To begin with a seemingly random remark, note that
$$4(1-s^2)\gt(2-s)^2\quad\text{for }0\lt s\le{1\over\sqrt2}\approx0.707$$
This is because the inequality simplifies to $s(4-5s)\gt0$, which holds for $0\lt s\lt{4\over5}=0.8$.
Now down to business. As noted by Takahiro Waki in comments, the equation $2^{1-x}+2^{\sqrt{2x-x^2}}=3$ is equivalent to
$$2^{\sin\theta}+2^{\cos\theta}=3$$
with $-{\pi\over2}\le\theta\le{\pi\over2}$. It's easy to see that $2^{\sin\theta}+2^{\cos\theta}\lt3$ for $-{\pi\over2}\le\theta\lt0$, and equality is achieved at $\theta=0$ and $\theta={\pi\over2}$ (corresponding to $x=1$ and $x=0$, respectively).

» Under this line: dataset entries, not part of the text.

(* Let $v$ be an indeterminate and $q=v^2$. For all integers $m,n\in\mathbb{Z}$, the following identity holds in $\mathbb{Q}(v)((x))$: \[ \sigma_m^0\,\sigma_n^0=\sum_{i=0}^{\infty}\gamma_{m,n}^{i}\,\sigma_{m+n-i}^0, \qquad\text{where}\qquad \gamma_{m,n}^{i}=\{m\}_i\,\{n\}_i\,\begin{bmatrix} m+n+1\\ i\end{bmatrix}. \] (The infinite sum converges $x$-adically.)
   Context: Notation: for $n\in\mathbb{Z}$ and $i\in\mathbb{Z}_{\ge0}$, $\{n\}=v^n-v^{-n}$, $\{n\}_i=\{n\}\{n-1\}\cdots\{n-i+1\}$ (with $\{n\}_0=1$), $[n]=\frac{v^n-v^{-n}}{v-v^{-1}}$, $[i]!=[i][i-1]\cdots[1]$, and $\begin{bmatrix} n\\ i\end{bmatrix}=\frac{[n][n-1]\cdots[n-i+1]}{[i]!}$ (defined also for negative $n$). For $n\in\mathbb{Z}$ define the rational function $\sigma_n\in\mathbb{Q}(x,q)$ by $\sigma_n=\prod_{i=1}^{n}(x+x^{-1}-q^i-q^{-i})$ if $n\ge 0$ and $\sigma_n=\prod_{i=0}^{-n-1}(x+x^{-1}-q^i-q^{-i})^{-1}$ if $n<0$. Let $\sigma_n^0\in\mathbb{Z}[q^{\pm1}]((x))$ denote the Laurent expansion of $\sigma_n$ at $x=0$ (for $n<0$ this is a power series divisible by $x^{-n}$). *)

From HB Require Import structures.
From mathcomp Require Import all_boot all_order all_algebra.
From mathcomp Require Import fraction generic_quotient.
Set Implicit Arguments. Unset Strict Implicit. Unset Printing Implicit Defensive.
Import Order.TTheory GRing.Theory Num.Theory.
Local Open Scope ring_scope.

Section Series.
Variable K : fieldType.

Definition ps := nat -> K.

Definition ps_mul (f g : ps) : ps :=
  fun n => \sum_(i < n.+1) f i * g (n - i)%N.

(* first n+1 coefficients of the multiplicative inverse of f (f 0 <> 0) *)
Fixpoint ps_inv_aux (f : ps) (n : nat) : seq K :=
  match n with
  | 0 => [:: (f 0%N)^-1]
  | n'.+1 =>
      let s := ps_inv_aux f n' in
      rcons s (- (f 0%N)^-1 * \sum_(1 <= i < n'.+2) f i * nth 0 s (n'.+1 - i))
  end.

Definition ps_inv (f : ps) : ps := fun n => nth 0 (ps_inv_aux f n) n.

(* a formal Laurent series  x^(s.1) * s.2  *)
Definition ls := (int * ps)%type.

Definition ls_coef (s : ls) (k : int) : K :=
  match (k - s.1)%R with Posz j => s.2 j | Negz _ => 0 end.

Definition ls_mul (s t : ls) : ls := ((s.1 + t.1)%R, ps_mul s.2 t.2).

(* Laurent expansion at x = 0 of p / d (d <> 0 polynomials):
   d = x^j d' with d'(0) <> 0, and p/d = x^(-j) * p * d'^(-1). *)
Definition laurent_pq (p d : {poly K}) : ls :=
  let j := find (fun c => c != 0) d in
  ((- (j%:Z))%R, ps_mul (fun i => p`_i) (ps_inv (fun i => d`_(i + j)))).

Definition laurent (r : {fraction {poly K}}) : ls :=
  laurent_pq \n_(repr r) \d_(repr r).

Definition xF : {fraction {poly K}} := (@FracField.tofrac _ 'X).
Definition cF (c : K) : {fraction {poly K}} := @FracField.tofrac _ c%:P.

Definition sigma_fac (q : K) (i : nat) : {fraction {poly K}} :=
  xF + xF^-1 - cF (q ^+ i) - cF (q ^+ i)^-1.

Definition sigma (q : K) (n : int) : {fraction {poly K}} :=
  match n with
  | Posz n' => \prod_(1 <= i < n'.+1) sigma_fac q i
  | Negz n' => (\prod_(0 <= i < n'.+1) sigma_fac q i)^-1
  end.
(* note: Negz n' = -(n'+1), so the product is over i = 0 .. -n-1 *)

Definition sigma0 (q : K) (n : int) : ls := laurent (sigma q n).
End Series.

Definition Qv := {fraction {poly rat}}.
Definition vv : Qv := (@FracField.tofrac _ 'X).
Definition qq : Qv := vv ^+ 2.

Definition qbr (n : int) : Qv := vv ^ n - vv ^ (- n).
Definition qbr_fall (n : int) (i : nat) : Qv := \prod_(k < i) qbr (n - k%:Z).
Definition qint (n : int) : Qv := (vv ^ n - vv ^ (- n)) / (vv - vv^-1).
Definition qfact (i : nat) : Qv := \prod_(1 <= k < i.+1) qint k%:Z.
Definition qbinom (n : int) (i : nat) : Qv :=
  (\prod_(k < i) qint (n - k%:Z)) / qfact i.

Definition gamma (m n : int) (i : nat) : Qv :=
  qbr_fall m i * qbr_fall n i * qbinom (m + n + 1) i.

From mathcomp Require Import all_boot all_order all_algebra.
From mathcomp Require Import fraction generic_quotient.
From mathcomp Require Import ring zify.
Set Implicit Arguments. Unset Strict Implicit. Unset Printing Implicit Defensive.
Import GRing.Theory Num.Theory.
Local Open Scope ring_scope.

(* Induction on m, upwards and downwards.  With a_k = q^k + q^-k = {k}^2 + 2 we have
   sigma_k = sigma_(k-1) (x + x^-1 - a_k), and multiplying a Laurent series by
   x + x^-1 - a acts on its coefficients as h |-> h(k-1) + h(k+1) - a h(k).  This
   operator for a = a_(m+1) maps both sides of the identity for m to those for m + 1:
   on the right because sigma_j (x + x^-1 - a_(m+1)) = sigma_(j+1) + (a_(j+1) - a_(m+1)) sigma_j
   and gamma_(m+1,n)^(i+1) = gamma_(m,n)^(i+1) + gamma_(m,n)^i (a_(m+n+1-i) - a_(m+1)).
   At m = 0 both sides are sigma_n^0, and the step can be reversed because
   multiplication by a nonzero Laurent polynomial is injective on Laurent series.
   As sigma_j^0 = O(x^-j), each coefficient of the right-hand side is a finite sum. *)

Lemma sumr_ord_widen0 (V : nmodType) (a b : nat) (F : nat -> V) : (a <= b)%N ->
  (forall i, (a <= i)%N -> F i = 0) -> \sum_(i < b) F i = \sum_(i < a) F i.
Proof.
move=> ab F0; rewrite -(subnKC ab) big_split_ord /= [X in _ + X]big1 ?addr0 //.
by move=> i _; apply: F0; exact: leq_addr.
Qed.

Lemma coefM_eq_low (R : nzSemiRingType) (N : nat) (p p' q q' : {poly R}) :
  (forall i, (i < N)%N -> p`_i = p'`_i) -> (forall i, (i < N)%N -> q`_i = q'`_i) ->
  forall i, (i < N)%N -> (p * q)`_i = (p' * q')`_i.
Proof.
move=> pp' qq' i iN; rewrite !coefM; apply: eq_bigr => j _.
have := ltn_ord j; rewrite ltnS => ji.
by rewrite pp' ?qq' //; lia.
Qed.

Lemma sum_shift_rec (R : comPzRingType) (M : nat) (g g' d E : nat -> R) :
  g' 0%N = g 0%N -> (forall i, g' i.+1 = g i.+1 + g i * d i) ->
  \sum_(i < M.+1) g' i * E i = \sum_(i < M) g i * (E i + d i * E i.+1) + g M * E M.
Proof.
move=> g'0 g'S.
have sum_recl : \sum_(i < M.+1) g i * E i = g 0%N * E 0%N + \sum_(i < M) g i.+1 * E i.+1.
  exact: big_ord_recl.
rewrite big_ord_recl g'0 /=; under eq_bigr do rewrite g'S mulrDl.
rewrite big_split /= addrA -sum_recl big_ord_recr /= addrAC.
by congr (_ + _); rewrite -big_split; apply: eq_bigr => i _ /=; rewrite mulrDr mulrA.
Qed.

So it remains to show
$$2^{\sin\theta}+2^{\cos\theta}\gt3\quad\text{for }0\lt\theta\lt{\pi\over2}$$
Actually, by the symmetry $\sin({\pi\over2}-\theta)=\cos\theta$ (and vice versa), we need only prove it in the interval $0\lt\theta\le{\pi\over4}$. Now let's abbreviate this to
$$2^s+2^c\gt3$$
where $0\lt s\le{1\over\sqrt2}$ and $c=\sqrt{1-s^2}$. To prove this, let's make clever use of AGM:
$$2^s+2^c=2^s+2^{c-1}+2^{c-1}\ge3\sqrt[3]{2^{s+2c-2}}$$
Thus we need only prove $s+2c-2\gt0$ for $0\lt s\le{1\over\sqrt2}$. But this is straightforward: Since $c\ge0$, we have
$$\begin{align}
s+2c-2\gt0
&\iff2c\gt(2-s)\\
&\iff4c^2\gt(2-s)^2\\
&\iff4(1-s^2)\gt(2-s)^2
\end{align}$$
which takes us back to the obviously now non-random remark at the beginning.